Hamersmith History, Family Crest & Coats of Arms

The Anglo-Saxon name Hamersmith comes from when the family resided in the village of Hammersley, in the county of Staffordshire. The surname Hamersmith was originally derived from the Old English word hamm, which means flat, low-lying land and the Old English word ley, which refers to a wood clearing or grove.

Early Origins of the Hamersmith family

The surname Hamersmith was first found in Staffordshire at Hammersley, "a locality probably to be found in Staffordshire." [1] We can find no record of this village today, but there is no doubt some or all of the family came from Staffordshire. By example, the Register of the University of Oxford list Walter Hamersley, in 1610 and William Hamersly in 1617 as both being from Staffordshire [1] Evidence of the family was also found at Kencott in Oxfordshire. It was here that "the family of Hammersley: the tithes were commuted for land and a money payment in 1767." [2]

Early History of the Hamersmith family

This web page shows only a small excerpt of our Hamersmith research. Another 77 words (6 lines of text) covering the years 1687 and 1801 are included under the topic Early Hamersmith History in all our PDF Extended History products and printed products wherever possible.

Hamersmith Spelling Variations

The English language only became standardized in the last few centuries; therefore, spelling variations are common among early Anglo-Saxon names. As the form of the English language changed, even the spelling of literate people's names evolved. Hamersmith has been recorded under many different variations, including Hammersley, Hammersly and others.

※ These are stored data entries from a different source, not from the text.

Lemma is_even_sign_succ_mul e x : is_sign e -> is_int x -> is_even ((e + 1) * x).
Proof. intros [-> | ->] [z ->]; [exists z | exists 0%Z]; simpl; ring. Qed.

Lemma odd_pair_sum_sq_lt_10 (a b w : Z) : (a + b = 2 * w)%Z -> (a * a + b * b < 10)%Z ->
  ~ (exists x y, a = (2 * x)%Z /\ b = (2 * y)%Z) -> (a * a + b * b = 2)%Z.
Proof.
  intros Hab Hlt Hodd.
  destruct (Z.Even_or_Odd a) as [[x Hx] | [x Hx]].
  - exfalso; apply Hodd; exists x, (w - x)%Z; lia.
  - assert (Hb : b = (2 * (w - x - 1) + 1)%Z) by lia.
    set (y := (w - x - 1)%Z) in *; subst a b.
    assert (0 <= x * (x + 1) /\ 0 <= y * (y + 1))%Z as [Px Py] by nia.
    assert (-1 <= x <= 0 /\ -1 <= y <= 0)%Z as [Hx Hy] by nia.
    assert (x = -1 \/ x = 0)%Z as [-> | ->] by lia; assert (y = -1 \/ y = 0)%Z as [-> | ->] by lia;
      reflexivity.
Qed.

Lemma vertex_in_cube x : is_vertex x -> in_cube x.
Proof. intros H m Hm; destruct (H m Hm) as [-> | ->]; lra. Qed.

Lemma not_vertex_of_coord x m : (m < 3)%nat -> 0 < coord x m < 1 -> ~ is_vertex x.
Proof. intros Hm Hx H; destruct (H m Hm); lra. Qed.

Lemma in_cube_perm3 i j k x : perm3 i j k ->
  0 <= coord x i <= 1 -> 0 <= coord x j <= 1 -> 0 <= coord x k <= 1 -> in_cube x.
Proof.
  intros H Hi Hj Hk m Hm; destruct (perm3_cases i j k m H Hm) as [-> | [-> | ->]]; assumption.
Qed.

Lemma in_face_segpt i b x y t : in_face i b x -> in_face i b y -> 0 <= t <= 1 ->
  in_face i b (segpt x y t).
Proof.
  intros [Hx Ex] [Hy Ey] Ht; split.
  - intros m Hm; rewrite coord_segpt; pose proof (Hx m Hm); pose proof (Hy m Hm); nra.
  - rewrite coord_segpt, Ex, Ey; ring.
Qed.

Lemma opposite_on_face_axes A B : opposite_on_face A B ->
  exists i j k, perm3 i j k /\
    is_bit (coord A i) /\ is_bit (coord A j) /\ is_bit (coord A k) /\
    coord B i = coord A i /\ coord B j = 1 - coord A j /\ coord B k = 1 - coord A k.
Proof.
  intros (HA & HB & i & Hi & Ei & Hne).
  destruct (perm3_complete i Hi) as (j & k & H).
  pose proof H as (_ & Hj & Hk & Hij & Hik & _).
  pose proof (Hne j Hj ltac:(lia)); pose proof (Hne k Hk ltac:(lia)).
  exists i, j, k; split; [assumption|].
  destruct (HA j Hj), (HB j Hj), (HA k Hk), (HB k Hk), (HA i Hi);
    unfold is_bit; repeat split; try lra; congruence.
Qed.

Lemma opposite_pdist A B : opposite_on_face A B -> pdist A B = sqrt 2.
Proof.
  intros H; destruct (opposite_on_face_axes A B H) as (i & j & k & Hp & _ & Hj & Hk & Ei & Ej & Ek).
  unfold pdist; rewrite (norm_perm3 i j k _ Hp), !coord_vsub, Ei, Ej, Ek.
  f_equal; destruct Hj as [-> | ->], Hk as [-> | ->]; ring.
Qed.

Lemma opposite_coord_sum_even A B : opposite_on_face A B -> is_even (coord_sum A + coord_sum B).
Proof.
  intros H; destruct (opposite_on_face_axes A B H) as (i & j & k & Hp & Hi & _ & _ & Ei & Ej & Ek).
  destruct (is_int_bit _ Hi) as [z Hz]; exists (z + 1)%Z.
  rewrite !(coord_sum_perm3 i j k _ Hp), Ei, Ej, Ek, plus_IZR, <- Hz; simpl; ring.
Qed.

Early Notables of the Hamersmith family (pre 1700)

More information is included under the topic Early Hamersmith Notables in all our PDF Extended History products and printed products wherever possible.

Migration of the Hamersmith family

For many English families, the political and religious disarray that shrouded England made the far away New World an attractive prospect. On cramped disease-ridden ships, thousands migrated to those British colonies that would eventually become Canada and the United States. Those hardy settlers that survived the journey often went on to make important contributions to the emerging nations in which they landed. Analysis of immigration records indicates that some of the first North American immigrants bore the name Hamersmith or a variant listed above: Anne Hammersley settled in Virginia in 1732; Edward Hammersley and George arrived in Philadelphia in 1846; T.W. Hammersley arrived in San Francisco in 1852..

  1. ^ Bardsley, C.W, A Dictionary of English and Welsh Surnames: With Special American Instances. Wiltshire: Heraldry Today, 1901. Print. (ISBN 0-900455-44-6)
  2. ^ Lewis, Samuel, A Topographical Dictionary of England. Institute of Historical Research, 1848, Print.